Speaking of Verdi, he postponed rehearsals of the famous "Donna e mobile" aria until the day before premiere, to keep it a secret, because he predicted (correctly) that it was going to be an instant hit. On release, it basically became a pop song, performed all over the place (recording did not exist, remember). This may give an idea what a hit could look / sound like at the time. BTW it has most features of a modern hit song: a clear rhythm, a simple but catchy and recognizable melody, somehow playful words about the nature of romantic relationships.



> Consider the fact that, say, at the time when Verdi was rabidly popular, late 19th century, there was no iTunes, no TV, no CDs, cassettes, or vinyl records, and no music radio.

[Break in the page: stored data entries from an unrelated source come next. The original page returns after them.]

Lemma bqo_comap (A A' : Type) (leA : A -> A -> Prop) (leA' : A' -> A' -> Prop)
    (f : A -> A') :
  (forall x y, leA' (f x) (f y) -> leA x y) -> bqo leA' -> bqo leA.
Proof.
move=> f_refl bqoA' B barB g.
have [s [t [Bs Bt st le_st]]] := bqoA' B barB (f \o g).
by exists s, t; split=> //; apply: f_refl.
Qed.

Lemma mem_initial_segment s Y n : initial_segment s Y -> n \in s -> Y n.
Proof. by move=> [_ [k sk]] /sk []. Qed.

Lemma initial_segment_head h s Y :
  initial_segment (h :: s) Y -> Y h /\ forall n, Y n -> h <= n.
Proof.
move=> seg; split=> [|n Yn]; first exact: mem_initial_segment seg (mem_head h s).
case: seg => sorted_hs [k sk]; rewrite leqNgt; apply/negP => lt_nh.
have [_ lt_hk] := proj1 (sk h) (mem_head h s).
have /sk : Y n /\ n < k by split=> //; lia.
rewrite inE => /orP [/eqP|ns]; first lia.
by have := allP (order_path_min ltn_trans sorted_hs) n ns; lia.
Qed.

Lemma initial_segment_cons h t Y :
  Y h -> (forall n, Y n -> h <= n) ->
  initial_segment t (fun n => Y n /\ h < n) -> initial_segment (h :: t) Y.
Proof.
move=> Yh h_min [sorted_t [k tk]]; split.
  by rewrite /fin_subset /= path_min_sorted //; apply/allP => n /tk [[_ ?] _].
exists (maxn k h.+1) => n; rewrite inE; split.
  by case/orP => [/eqP -> | /tk [[Yn ?] ?]]; split=> //; lia.
move=> [Yn lt_n]; case: (eqVneq n h) => [// | ne_nh] /=.
by apply/tk; have := h_min n Yn; split; [split|]=> //; lia.
Qed.

Lemma sorted_prefix_filter_ltn k r : sorted ltn r -> prefix [seq n <- r | n < k] r.
Proof.
elim: r => [|x r IH] //= sorted_xr; case: ifP => lt_xk.
  by rewrite eqxx IH //; apply: path_sorted sorted_xr.
rewrite (@eq_in_filter _ _ pred0) ?filter_pred0 // => n nr.
by apply/negbTE; have := allP (order_path_min ltn_trans sorted_xr) n nr; lia.
Qed.
(* Let $G$ be a finite connected graph. Let $\mathcal P_e$ (resp. $\mathcal P_o$) be the set of equivalence classes of prime reduced cycles of $G$ of even (resp. odd) length, and $\mathcal P_a$ the set of equivalence classes of prime reduced alternating cycles of $D_G$. Then: (1) If $C=(e_1,e_2,\dots,e_{2r-1},e_{2r})$ is a prime reduced cycle of $G$ of length $2r$, then $\tilde C=[e_1,e_2^{-1},e_3,\dots,e_{2r-1},e_{2r}^{-1}]$ and $\bar C=[e_1^{-1},e_2,e_3^{-1},\dots,e_{2r-1}^{-1},e_{2r}]$ are prime reduced alternating cycles of $D_G$ of length $2r$. (2) If $C=(e_1,\dots,e_{2r+1})$ is a prime reduced cycle of $G$ of length $2r+1$, then $\tilde C=[e_1,e_2^{-1},\dots,e_{2r+1},e_1^{-1},e_2,\dots,e_{2r+1}^{-1}]$ (the arcs $e_1,\dots,e_{2r+1},e_1,\dots,e_{2r+1}$ with every second arc, starting from the second, replaced by its inverse) is a prime reduced alternating cycle of $D_G$ of length $2(2r+1)$. (3) These assignments induce a bijection from $(\mathcal P_e\times\{1,2\})\cup\mathcal P_o$ onto $\mathcal P_a$, under which each class in $\mathcal P_e$ of length $2r$ corresponds to exactly two classes in $\mathcal P_a$ of length $2r$ and each class in $\mathcal P_o$ of length $2r+1$ corresponds to exactly one class in $\mathcal P_a$ of length $2(2r+1)$.
   Context: Graphs are finite and simple. For a connected graph $G$, $D_G$ is its symmetric digraph with arc set $D(G)=\{(u,v),(v,u): uv\in E(G)\}$; for $e=(u,v)$, $o(e)=u$, $t(e)=v$, $e^{-1}=(v,u)$. A cycle of length $k$ in $G$ is a sequence $(e_1,\dots,e_k)$ of arcs with $t(e_i)=o(e_{i+1})$ ($1\le i\le k-1$) and $t(e_k)=o(e_1)$; it has backtracking if $e_{i+1}=e_i^{-1}$ for some $i\le k-1$; it is reduced if neither it nor its double $(e_1,\dots,e_k,e_1,\dots,e_k)$ has backtracking; it is prime if it is not $B^r$ for a cycle $B$ and $r\ge 2$; two cycles are equivalent if one is a cyclic shift of the other. An alternating walk of length $r$ in $D_G$ is a sequence $[e_1,\dots,e_r]$ of arcs with vertices $v_0,\dots,v_r$ such that either $e_i=(v_{i-1},v_i)$ for odd $i$ and $e_i=(v_i,v_{i-1})$ for even $i$, or $e_i=(v_i,v_{i-1})$ for odd $i$ and $e_i=(v_{i-1},v_i)$ for even $i$. It has backtracking if $e_{i+1}=e_i$ for some $i\le r-1$. An alternating cycle is an alternating walk of even length with $v_0=v_r$; it has a tail if $e_r=e_1$; it is reduced if it has neither backtracking nor a tail. Equivalence (cyclic shift of arc sequence), multiples and primality are as for cycles. *)

From mathcomp Require Import all_boot.
Set Implicit Arguments. Unset Strict Implicit. Unset Printing Implicit Defensive.

Section Graphs.
Variable T : finType.
(* A finite simple graph is a symmetric irreflexive relation e : rel T.
   Arcs of D_G are pairs (u,v) with e u v; o(a) = a.1, t(a) = a.2. *)
Variable e : rel T.

Definition is_arc (a : T * T) : bool := e a.1 a.2.
Definition ainv (a : T * T) : T * T := (a.2, a.1).

Definition is_cycle (c : seq (T * T)) : bool :=
  if c is a :: s then
    all is_arc c && path (fun x y => x.2 == y.1) a s && ((last a s).2 == a.1)
  else false.

Definition has_backtracking (c : seq (T * T)) : bool :=
  has (fun p => p.2 == ainv p.1) (zip c (behead c)).

Definition reduced (c : seq (T * T)) : bool :=
  ~~ has_backtracking c && ~~ has_backtracking (c ++ c).

Definition cpower (B : seq (T * T)) (r : nat) : seq (T * T) := flatten (nseq r B).

Definition prime_cycle (c : seq (T * T)) : Prop :=
  ~ exists (B : seq (T * T)) (r : nat), [/\ is_cycle B, 1 < r & c = cpower B r].

Definition cyc_equiv (c c' : seq (T * T)) : Prop := exists n, c' = rot n c.

(* Alternating walk [e_1,...,e_r] with vertices v_0,...,v_r (v given as a
   function nat -> T; only v_0..v_r matter).  Indices are 0-based below:
   the arc w_i is e_{i+1}. *)
Definition alt_walk_vtx (w : seq (T * T)) (v : nat -> T) : Prop :=
  all is_arc w /\
  ((forall i, i < size w ->
      nth (v 0, v 0) w i = if odd i then (v i.+1, v i) else (v i, v i.+1))
   \/
   (forall i, i < size w ->
      nth (v 0, v 0) w i = if odd i then (v i, v i.+1) else (v i.+1, v i))).

Definition alt_walk (w : seq (T * T)) : Prop := exists v, alt_walk_vtx w v.

Definition alt_cycle (w : seq (T * T)) : Prop :=
  0 < size w /\ ~~ odd (size w) /\
  exists v, alt_walk_vtx w v /\ v 0 = v (size w).

Definition alt_backtracking (w : seq (T * T)) : bool :=
  has (fun p => p.2 == p.1) (zip w (behead w)).

Definition alt_tail (w : seq (T * T)) : bool :=
  if w is a :: s then last a s == a else false.

Definition alt_reduced (w : seq (T * T)) : bool :=
  ~~ alt_backtracking w && ~~ alt_tail w.

Definition alt_prime (w : seq (T * T)) : Prop :=
  ~ exists (B : seq (T * T)) (r : nat), [/\ alt_cycle B, 1 < r & w = cpower B r].

(* alt_flip b c inverts the arcs at 0-based positions i with odd i (+) b.
   tilde C = alt_flip false C = [e_1, e_2^{-1}, e_3, ...],
   bar C   = alt_flip true C  = [e_1^{-1}, e_2, e_3^{-1}, ...]. *)
Definition alt_flip (b : bool) (c : seq (T * T)) : seq (T * T) :=
  [seq if odd p.1 (+) b then ainv p.2 else p.2 | p <- zip (iota 0 (size c)) c].

Definition tildeC (c : seq (T * T)) := alt_flip false c.
Definition barC (c : seq (T * T)) := alt_flip true c.
Definition tildeC_odd (c : seq (T * T)) := alt_flip false (c ++ c).

(* representatives of the classes assigned to the class of c *)
Definition images (c : seq (T * T)) : seq (seq (T * T)) :=
  if odd (size c) then [:: tildeC_odd c] else [:: tildeC c; barC c].

Definition prc (c : seq (T * T)) : Prop :=
  [/\ is_cycle c, reduced c & prime_cycle c].

Definition prac (w : seq (T * T)) : Prop :=
  [/\ alt_cycle w, alt_reduced w & alt_prime w].

End Graphs.

From mathcomp Require Import all_boot zify.
From Stdlib Require Import Classical.
Set Implicit Arguments. Unset Strict Implicit. Unset Printing Implicit Defensive.

(* All cyclic sequences are read through the infinite periodic sequence
   [cnth s i = s_(i mod |s|)], in which rotations become index shifts and
   powers B^r become B itself.  The flip [alt_flip b] inverts every arc at a
   position i with [odd i (+) b]; on a sequence of even length it is a
   cyclic involution, [cnth (alt_flip b c) i = flip_at b i (cnth c i)]. *)

Section CyclicSequences.
Variable T : finType.
(* a default arc; the periodic extension of a nonempty sequence ignores it *)
Variable x0 : T * T.
Implicit Types s c w B X : seq (T * T).

Definition cnth s i := nth x0 s (i %% size s).

Definition flip_at (b : bool) (i : nat) (a : T * T) := if odd i (+) b then ainv a else a.

Definition linked (x y : T * T) := x.2 == y.1.

Lemma ainvK : involutive (@ainv T). Proof. by case. Qed.

Lemma cnth_mod s i : cnth s (i %% size s) = cnth s i.
Proof. by rewrite /cnth modn_mod. Qed.

Lemma cnthS s i : cnth s i.+1 = cnth s (i %% size s).+1.
Proof. by rewrite /cnth -addn1 -modnDml addn1. Qed.

Lemma cnth_addN s i : cnth s (i + size s) = cnth s i.
Proof. by rewrite /cnth modnDr. Qed.

Lemma cnth_addMN s i m : cnth s (i + m * size s) = cnth s i.
Proof. by rewrite /cnth addnC modnMDl. Qed.

Lemma cnth_small s i : i < size s -> cnth s i = nth x0 s i.
Proof. by move=> h; rewrite /cnth modn_small. Qed.

Lemma eq_from_cnth s t : size s = size t -> (forall i, cnth s i = cnth t i) -> s = t.
Proof.
move=> hs h; apply: (eq_from_nth (x0 := x0)) => // i hi.
by rewrite -cnth_small // h cnth_small // -hs.
Qed.

Lemma cnth_rot n s i : n <= size s -> cnth (rot n s) i = cnth s (i + n).
Proof.
move=> hn; case: (posnP (size s)) => h0.
  by move: h0 => /size0nil ->; rewrite rot_oversize // /cnth /= !nth_nil.
rewrite /cnth size_rot; set j := i %% size s.
have hj : j < size s by rewrite ltn_pmod.
rewrite -modnDml -/j /rot nth_cat size_drop; clearbody j.
case: ifP => h; first by rewrite nth_drop modn_small ?(addnC j) //; lia.
rewrite nth_take; last by lia.
have -> : j + n = size s + (j - (size s - n)) by lia.
by rewrite modnDl modn_small //; lia.
Qed.

Lemma rot_small s n : exists2 m, m <= size s & rot n s = rot m s.
Proof.
have [h|h] := leqP n (size s); first by exists n.
by exists 0; rewrite // rot0 rot_oversize // ltnW.
Qed.

Lemma size_cpower B r : size (cpower B r) = size B * r.
Proof.
elim: r => [|r IH]; first by rewrite muln0.
by rewrite /cpower /= size_cat -/(cpower B r) IH mulnS.
Qed.

Lemma cpower1 B : cpower B 1 = B.
Proof. by rewrite /cpower /= cats0. Qed.

Lemma cpower2 B : cpower B 2 = B ++ B.
Proof. by rewrite /cpower /= cats0. Qed.

Lemma nth_cpower B r i : i < size B * r -> nth x0 (cpower B r) i = nth x0 B (i %% size B).
Proof.
elim: r i => [|r IH] i; first by rewrite muln0.
move=> hi; rewrite /cpower /= nth_cat -/(cpower B r).
case: ifP => h; first by rewrite modn_small.
rewrite IH; last by move: hi; rewrite mulnS; lia.
have hB : size B <= i by rewrite leqNgt h.
by rewrite -{2}(subnK hB) modnDr.
Qed.

Lemma cnth_cpower B r i : 0 < r -> cnth (cpower B r) i = cnth B i.
Proof.
move=> hr; case: (posnP (size B)) => hB.
  move/size0nil: hB => ->; suff -> : cpower [::] r = [::] :> seq (T * T) by [].
  by elim: r {hr} => // r IH; rewrite /cpower /= -/(cpower [::] r) IH.
rewrite /cnth size_cpower nth_cpower; last by rewrite ltn_pmod // muln_gt0 hB.
by rewrite (modn_dvdm _ (dvdn_mulr r (dvdnn (size B)))).
Qed.

Lemma cnth_self_cat s i : cnth (s ++ s) i = cnth s i.
Proof. by rewrite -cpower2 cnth_cpower. Qed.

Lemma cpower_mul B r q : 0 < r -> 0 < q -> cpower (cpower B q) r = cpower B (q * r).
Proof.
move=> hr hq; apply: eq_from_cnth; first by rewrite !size_cpower mulnA.
by move=> i; rewrite !cnth_cpower // muln_gt0 hr hq.
Qed.

Lemma all_cpower (a : pred (T * T)) B r : 0 < r -> all a (cpower B r) = all a B.
Proof.
case: r => // r _; elim: r => [|r IH]; first by rewrite cpower1.
by rewrite /cpower /= all_cat -/(cpower B r.+1) IH andbb.
Qed.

Notably though, there was sheet music as a mass-market form of music, so we can tell what was popular - and "opera tunes" definitely made the list, together with theme-and-variations sets based on opera tunes, medleys of opera tunes, parodies based on the tunes, arrangements for countless instruments etc.


Yeah I've considered all that but still you were making a concrete historical claim about a specific time and place and I was wondering if it's true. I still am.

Of course live music was how people accessed music, and generally for this time in most parts of europe we have a strongly attested art music tradition enjoyed by the aristocratic minority and a separate, vastly more popular yet barely attested folk music tradition associated with the lower class rural majority.

The elite wrote about the things that interested them, and their writings make up the vast majority of primary documents from the era. We have to be careful not to accidentally consume their biases along with their information.